**Exercise goal:**
All lines from the one containing "under eq_bigr do rewrite bigA_distr_bigA." down to the one containing "i * (g i == j)%:R).", both ends included, are to be given again exactly; omit the rest of the listing below.

Start of Material supplied

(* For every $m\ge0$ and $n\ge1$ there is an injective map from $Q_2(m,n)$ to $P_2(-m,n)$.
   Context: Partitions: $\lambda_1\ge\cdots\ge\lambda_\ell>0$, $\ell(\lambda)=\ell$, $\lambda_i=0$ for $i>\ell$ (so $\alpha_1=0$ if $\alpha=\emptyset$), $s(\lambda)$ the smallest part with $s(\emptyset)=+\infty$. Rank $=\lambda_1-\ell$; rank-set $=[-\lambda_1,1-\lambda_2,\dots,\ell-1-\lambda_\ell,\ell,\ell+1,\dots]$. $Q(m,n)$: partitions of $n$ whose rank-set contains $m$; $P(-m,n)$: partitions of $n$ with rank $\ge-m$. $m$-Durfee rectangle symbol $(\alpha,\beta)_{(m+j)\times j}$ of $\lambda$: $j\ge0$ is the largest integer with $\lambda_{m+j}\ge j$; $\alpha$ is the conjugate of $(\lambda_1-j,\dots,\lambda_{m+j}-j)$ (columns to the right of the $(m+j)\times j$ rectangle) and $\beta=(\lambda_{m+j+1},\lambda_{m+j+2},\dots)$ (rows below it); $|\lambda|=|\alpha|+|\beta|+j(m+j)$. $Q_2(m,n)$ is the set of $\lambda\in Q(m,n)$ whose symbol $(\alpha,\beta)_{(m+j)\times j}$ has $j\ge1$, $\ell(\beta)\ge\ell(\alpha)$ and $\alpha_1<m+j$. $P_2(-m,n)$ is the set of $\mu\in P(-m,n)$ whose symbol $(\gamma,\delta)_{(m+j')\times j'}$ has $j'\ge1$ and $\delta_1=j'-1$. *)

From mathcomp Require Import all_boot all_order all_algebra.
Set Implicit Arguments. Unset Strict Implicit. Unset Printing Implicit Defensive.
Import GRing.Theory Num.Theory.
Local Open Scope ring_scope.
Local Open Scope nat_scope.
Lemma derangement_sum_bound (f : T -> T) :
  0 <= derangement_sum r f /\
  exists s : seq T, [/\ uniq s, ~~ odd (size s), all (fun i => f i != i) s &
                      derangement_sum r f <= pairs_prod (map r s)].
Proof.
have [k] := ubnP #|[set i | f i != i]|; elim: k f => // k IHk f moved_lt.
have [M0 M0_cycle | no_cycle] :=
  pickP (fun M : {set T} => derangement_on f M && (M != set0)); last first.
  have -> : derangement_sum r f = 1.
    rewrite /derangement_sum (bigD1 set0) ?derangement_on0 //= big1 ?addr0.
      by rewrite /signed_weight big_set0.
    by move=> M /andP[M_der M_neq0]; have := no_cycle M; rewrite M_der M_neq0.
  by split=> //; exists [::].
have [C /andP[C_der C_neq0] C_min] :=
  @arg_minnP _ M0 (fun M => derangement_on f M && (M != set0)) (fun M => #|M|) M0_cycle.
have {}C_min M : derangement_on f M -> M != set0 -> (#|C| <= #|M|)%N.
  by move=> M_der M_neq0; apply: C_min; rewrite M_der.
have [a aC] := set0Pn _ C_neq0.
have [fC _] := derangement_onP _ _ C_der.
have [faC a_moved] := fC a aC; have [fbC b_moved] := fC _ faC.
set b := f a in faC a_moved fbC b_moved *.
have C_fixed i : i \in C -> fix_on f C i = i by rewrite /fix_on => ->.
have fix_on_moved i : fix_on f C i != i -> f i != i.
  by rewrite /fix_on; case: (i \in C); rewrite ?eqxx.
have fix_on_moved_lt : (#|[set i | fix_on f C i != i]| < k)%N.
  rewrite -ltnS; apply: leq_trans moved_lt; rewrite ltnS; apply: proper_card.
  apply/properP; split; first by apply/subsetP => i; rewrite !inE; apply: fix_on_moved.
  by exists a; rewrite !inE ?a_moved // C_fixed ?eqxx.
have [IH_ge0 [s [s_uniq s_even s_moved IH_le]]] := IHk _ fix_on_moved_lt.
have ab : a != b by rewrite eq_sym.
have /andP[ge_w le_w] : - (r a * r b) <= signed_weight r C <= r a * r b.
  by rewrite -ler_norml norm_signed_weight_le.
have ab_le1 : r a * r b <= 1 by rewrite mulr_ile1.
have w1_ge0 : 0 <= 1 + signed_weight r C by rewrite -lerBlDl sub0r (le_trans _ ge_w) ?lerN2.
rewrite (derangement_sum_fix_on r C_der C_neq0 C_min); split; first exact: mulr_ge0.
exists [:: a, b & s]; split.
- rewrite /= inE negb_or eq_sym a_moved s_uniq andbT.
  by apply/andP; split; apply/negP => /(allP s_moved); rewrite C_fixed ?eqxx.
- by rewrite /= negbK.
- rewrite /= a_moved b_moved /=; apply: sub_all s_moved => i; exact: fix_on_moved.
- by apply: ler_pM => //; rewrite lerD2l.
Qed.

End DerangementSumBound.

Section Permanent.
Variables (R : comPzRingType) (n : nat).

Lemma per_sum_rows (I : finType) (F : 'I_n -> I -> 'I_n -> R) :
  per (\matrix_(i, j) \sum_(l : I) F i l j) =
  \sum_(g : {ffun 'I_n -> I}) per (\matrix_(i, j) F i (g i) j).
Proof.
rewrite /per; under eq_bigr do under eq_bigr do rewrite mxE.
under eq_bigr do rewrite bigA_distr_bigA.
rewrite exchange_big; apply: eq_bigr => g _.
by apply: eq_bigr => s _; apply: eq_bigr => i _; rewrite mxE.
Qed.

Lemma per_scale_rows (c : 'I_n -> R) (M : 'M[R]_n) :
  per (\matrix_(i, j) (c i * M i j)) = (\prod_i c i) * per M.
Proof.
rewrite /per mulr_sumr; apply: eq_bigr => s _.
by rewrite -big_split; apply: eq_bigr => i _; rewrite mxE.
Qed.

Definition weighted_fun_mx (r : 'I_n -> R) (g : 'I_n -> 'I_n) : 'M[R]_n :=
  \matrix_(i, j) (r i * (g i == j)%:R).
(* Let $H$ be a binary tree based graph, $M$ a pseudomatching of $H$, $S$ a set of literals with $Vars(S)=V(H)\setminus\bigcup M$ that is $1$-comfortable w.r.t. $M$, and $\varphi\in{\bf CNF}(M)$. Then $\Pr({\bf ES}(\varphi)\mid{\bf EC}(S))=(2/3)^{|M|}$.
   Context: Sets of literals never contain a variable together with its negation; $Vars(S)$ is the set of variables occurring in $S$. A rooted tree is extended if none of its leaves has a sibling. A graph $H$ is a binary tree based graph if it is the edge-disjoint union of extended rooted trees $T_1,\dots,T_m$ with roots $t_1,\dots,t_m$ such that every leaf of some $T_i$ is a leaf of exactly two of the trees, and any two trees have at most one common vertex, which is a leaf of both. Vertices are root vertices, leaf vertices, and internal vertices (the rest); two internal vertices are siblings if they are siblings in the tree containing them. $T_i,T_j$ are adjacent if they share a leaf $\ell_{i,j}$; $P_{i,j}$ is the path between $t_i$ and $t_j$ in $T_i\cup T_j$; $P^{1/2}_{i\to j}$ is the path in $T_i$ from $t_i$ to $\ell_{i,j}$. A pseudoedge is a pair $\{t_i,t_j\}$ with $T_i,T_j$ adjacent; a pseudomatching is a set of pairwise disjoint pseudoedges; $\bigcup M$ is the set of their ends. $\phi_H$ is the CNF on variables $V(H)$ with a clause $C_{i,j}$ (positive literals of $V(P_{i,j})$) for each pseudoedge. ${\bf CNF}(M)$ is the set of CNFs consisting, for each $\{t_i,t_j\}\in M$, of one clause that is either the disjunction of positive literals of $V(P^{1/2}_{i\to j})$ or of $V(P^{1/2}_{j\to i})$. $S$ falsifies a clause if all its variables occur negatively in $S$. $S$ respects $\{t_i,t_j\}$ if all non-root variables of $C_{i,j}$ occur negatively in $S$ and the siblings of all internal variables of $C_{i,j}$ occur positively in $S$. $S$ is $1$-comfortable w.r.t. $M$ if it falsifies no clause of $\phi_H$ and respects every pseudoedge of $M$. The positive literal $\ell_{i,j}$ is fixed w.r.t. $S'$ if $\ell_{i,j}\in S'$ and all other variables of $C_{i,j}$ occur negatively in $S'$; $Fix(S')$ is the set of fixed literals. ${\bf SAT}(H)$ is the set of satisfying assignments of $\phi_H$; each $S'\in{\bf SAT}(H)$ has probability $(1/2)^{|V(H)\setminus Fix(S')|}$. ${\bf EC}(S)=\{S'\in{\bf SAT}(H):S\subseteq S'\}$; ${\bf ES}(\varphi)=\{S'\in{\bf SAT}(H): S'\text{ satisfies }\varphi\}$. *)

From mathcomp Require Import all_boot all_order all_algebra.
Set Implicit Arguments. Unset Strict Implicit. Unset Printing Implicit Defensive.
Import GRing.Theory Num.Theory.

End of Material supplied
Start of Material supplied

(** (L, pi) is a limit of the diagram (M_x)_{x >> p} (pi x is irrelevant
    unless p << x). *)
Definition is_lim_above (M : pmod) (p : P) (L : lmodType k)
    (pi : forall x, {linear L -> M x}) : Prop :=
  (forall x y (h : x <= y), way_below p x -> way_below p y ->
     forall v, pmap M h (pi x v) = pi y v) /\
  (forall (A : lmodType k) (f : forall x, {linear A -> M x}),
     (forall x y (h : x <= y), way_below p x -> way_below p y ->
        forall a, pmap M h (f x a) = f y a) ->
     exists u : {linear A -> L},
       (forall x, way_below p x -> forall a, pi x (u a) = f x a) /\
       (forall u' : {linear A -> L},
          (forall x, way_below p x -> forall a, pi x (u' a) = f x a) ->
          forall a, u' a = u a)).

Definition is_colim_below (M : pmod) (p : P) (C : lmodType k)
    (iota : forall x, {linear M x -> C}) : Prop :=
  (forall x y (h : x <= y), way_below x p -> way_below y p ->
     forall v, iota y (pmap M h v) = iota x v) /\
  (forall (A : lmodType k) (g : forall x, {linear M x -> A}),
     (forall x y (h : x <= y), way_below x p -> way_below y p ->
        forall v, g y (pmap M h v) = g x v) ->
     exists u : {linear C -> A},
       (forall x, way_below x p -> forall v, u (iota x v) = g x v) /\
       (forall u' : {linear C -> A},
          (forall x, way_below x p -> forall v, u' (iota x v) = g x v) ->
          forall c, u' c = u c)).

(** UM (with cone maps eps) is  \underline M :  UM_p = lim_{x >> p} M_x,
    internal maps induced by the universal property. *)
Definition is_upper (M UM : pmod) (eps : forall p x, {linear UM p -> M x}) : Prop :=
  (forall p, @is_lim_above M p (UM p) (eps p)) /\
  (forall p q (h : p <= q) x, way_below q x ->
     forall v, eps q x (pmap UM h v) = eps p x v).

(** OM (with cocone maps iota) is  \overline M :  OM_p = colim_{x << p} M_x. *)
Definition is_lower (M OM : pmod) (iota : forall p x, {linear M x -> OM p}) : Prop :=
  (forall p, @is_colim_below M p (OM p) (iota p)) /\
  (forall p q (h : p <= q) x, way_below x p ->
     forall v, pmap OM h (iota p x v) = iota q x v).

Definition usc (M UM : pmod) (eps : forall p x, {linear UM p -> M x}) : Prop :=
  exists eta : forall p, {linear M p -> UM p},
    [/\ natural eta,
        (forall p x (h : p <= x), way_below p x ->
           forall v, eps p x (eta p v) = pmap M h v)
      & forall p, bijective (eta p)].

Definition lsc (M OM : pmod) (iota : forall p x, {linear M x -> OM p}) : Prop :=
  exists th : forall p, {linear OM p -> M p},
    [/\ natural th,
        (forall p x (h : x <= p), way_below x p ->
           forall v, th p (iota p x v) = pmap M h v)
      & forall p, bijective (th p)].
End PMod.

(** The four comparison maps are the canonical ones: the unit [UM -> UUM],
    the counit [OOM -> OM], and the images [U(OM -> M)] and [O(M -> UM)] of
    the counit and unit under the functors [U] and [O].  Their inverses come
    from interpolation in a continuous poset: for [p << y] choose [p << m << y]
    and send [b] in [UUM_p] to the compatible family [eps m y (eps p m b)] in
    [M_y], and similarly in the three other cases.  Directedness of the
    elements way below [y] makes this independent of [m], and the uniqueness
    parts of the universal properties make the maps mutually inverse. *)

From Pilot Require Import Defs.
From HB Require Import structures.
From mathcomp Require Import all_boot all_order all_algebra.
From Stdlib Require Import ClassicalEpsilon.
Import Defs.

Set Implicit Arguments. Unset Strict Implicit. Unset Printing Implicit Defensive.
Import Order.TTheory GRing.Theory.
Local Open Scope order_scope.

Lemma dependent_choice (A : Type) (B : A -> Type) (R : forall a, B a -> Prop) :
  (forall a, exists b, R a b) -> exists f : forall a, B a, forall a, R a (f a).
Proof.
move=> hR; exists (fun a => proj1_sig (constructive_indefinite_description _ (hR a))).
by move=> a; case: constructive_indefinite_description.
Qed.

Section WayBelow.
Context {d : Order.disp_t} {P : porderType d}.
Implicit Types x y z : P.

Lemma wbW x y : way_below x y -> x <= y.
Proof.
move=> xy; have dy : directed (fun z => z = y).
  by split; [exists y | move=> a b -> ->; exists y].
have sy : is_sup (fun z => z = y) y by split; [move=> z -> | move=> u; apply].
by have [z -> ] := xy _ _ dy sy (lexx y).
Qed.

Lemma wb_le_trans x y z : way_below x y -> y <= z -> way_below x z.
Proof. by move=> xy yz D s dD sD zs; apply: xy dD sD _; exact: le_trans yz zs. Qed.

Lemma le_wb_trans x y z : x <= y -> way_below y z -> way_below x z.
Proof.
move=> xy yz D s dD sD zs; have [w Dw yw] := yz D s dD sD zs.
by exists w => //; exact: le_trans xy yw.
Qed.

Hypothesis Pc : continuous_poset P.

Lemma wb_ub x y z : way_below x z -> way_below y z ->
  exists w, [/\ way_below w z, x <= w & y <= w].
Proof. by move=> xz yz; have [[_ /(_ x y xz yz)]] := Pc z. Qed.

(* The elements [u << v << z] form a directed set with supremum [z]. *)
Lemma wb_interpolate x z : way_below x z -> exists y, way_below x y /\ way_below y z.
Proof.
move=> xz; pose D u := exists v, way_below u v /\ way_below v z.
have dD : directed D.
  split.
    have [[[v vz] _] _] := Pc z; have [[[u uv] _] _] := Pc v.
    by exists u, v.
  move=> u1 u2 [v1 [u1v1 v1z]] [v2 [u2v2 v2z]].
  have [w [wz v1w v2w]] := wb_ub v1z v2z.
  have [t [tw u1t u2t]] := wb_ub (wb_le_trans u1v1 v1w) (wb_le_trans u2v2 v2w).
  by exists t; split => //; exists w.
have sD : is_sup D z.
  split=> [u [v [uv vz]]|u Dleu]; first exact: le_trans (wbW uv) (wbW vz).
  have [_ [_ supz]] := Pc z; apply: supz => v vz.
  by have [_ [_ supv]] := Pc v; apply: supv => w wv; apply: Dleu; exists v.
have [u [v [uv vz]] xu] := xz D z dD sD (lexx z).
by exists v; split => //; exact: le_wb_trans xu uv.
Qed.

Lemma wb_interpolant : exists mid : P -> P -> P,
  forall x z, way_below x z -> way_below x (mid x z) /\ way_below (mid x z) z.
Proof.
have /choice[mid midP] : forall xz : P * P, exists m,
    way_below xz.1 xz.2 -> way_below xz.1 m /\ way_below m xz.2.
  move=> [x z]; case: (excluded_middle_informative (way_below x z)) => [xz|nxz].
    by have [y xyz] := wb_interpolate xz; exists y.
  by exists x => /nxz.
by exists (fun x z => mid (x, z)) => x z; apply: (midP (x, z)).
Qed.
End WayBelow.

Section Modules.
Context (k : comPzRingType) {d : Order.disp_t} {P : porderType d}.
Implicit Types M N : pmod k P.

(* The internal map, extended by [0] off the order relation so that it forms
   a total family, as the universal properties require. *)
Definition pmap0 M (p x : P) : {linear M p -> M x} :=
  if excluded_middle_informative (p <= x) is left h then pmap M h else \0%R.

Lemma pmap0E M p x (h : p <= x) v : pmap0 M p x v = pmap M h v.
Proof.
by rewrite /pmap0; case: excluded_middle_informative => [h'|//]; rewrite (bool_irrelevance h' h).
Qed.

End of Material supplied

**Worked solution:**
under eq_bigr do rewrite bigA_distr_bigA.
rewrite exchange_big; apply: eq_bigr => g _.
by apply: eq_bigr => s _; apply: eq_bigr => i _; rewrite mxE.
Qed.

Lemma per_scale_rows (c : 'I_n -> R) (M : 'M[R]_n) :
  per (\matrix_(i, j) (c i * M i j)) = (\prod_i c i) * per M.
Proof.
rewrite /per mulr_sumr; apply: eq_bigr => s _.
by rewrite -big_split; apply: eq_bigr => i _; rewrite mxE.
Qed.

Definition weighted_fun_mx (r : 'I_n -> R) (g : 'I_n -> 'I_n) : 'M[R]_n :=
  \matrix_(i, j) (r i * (g i == j)%:R).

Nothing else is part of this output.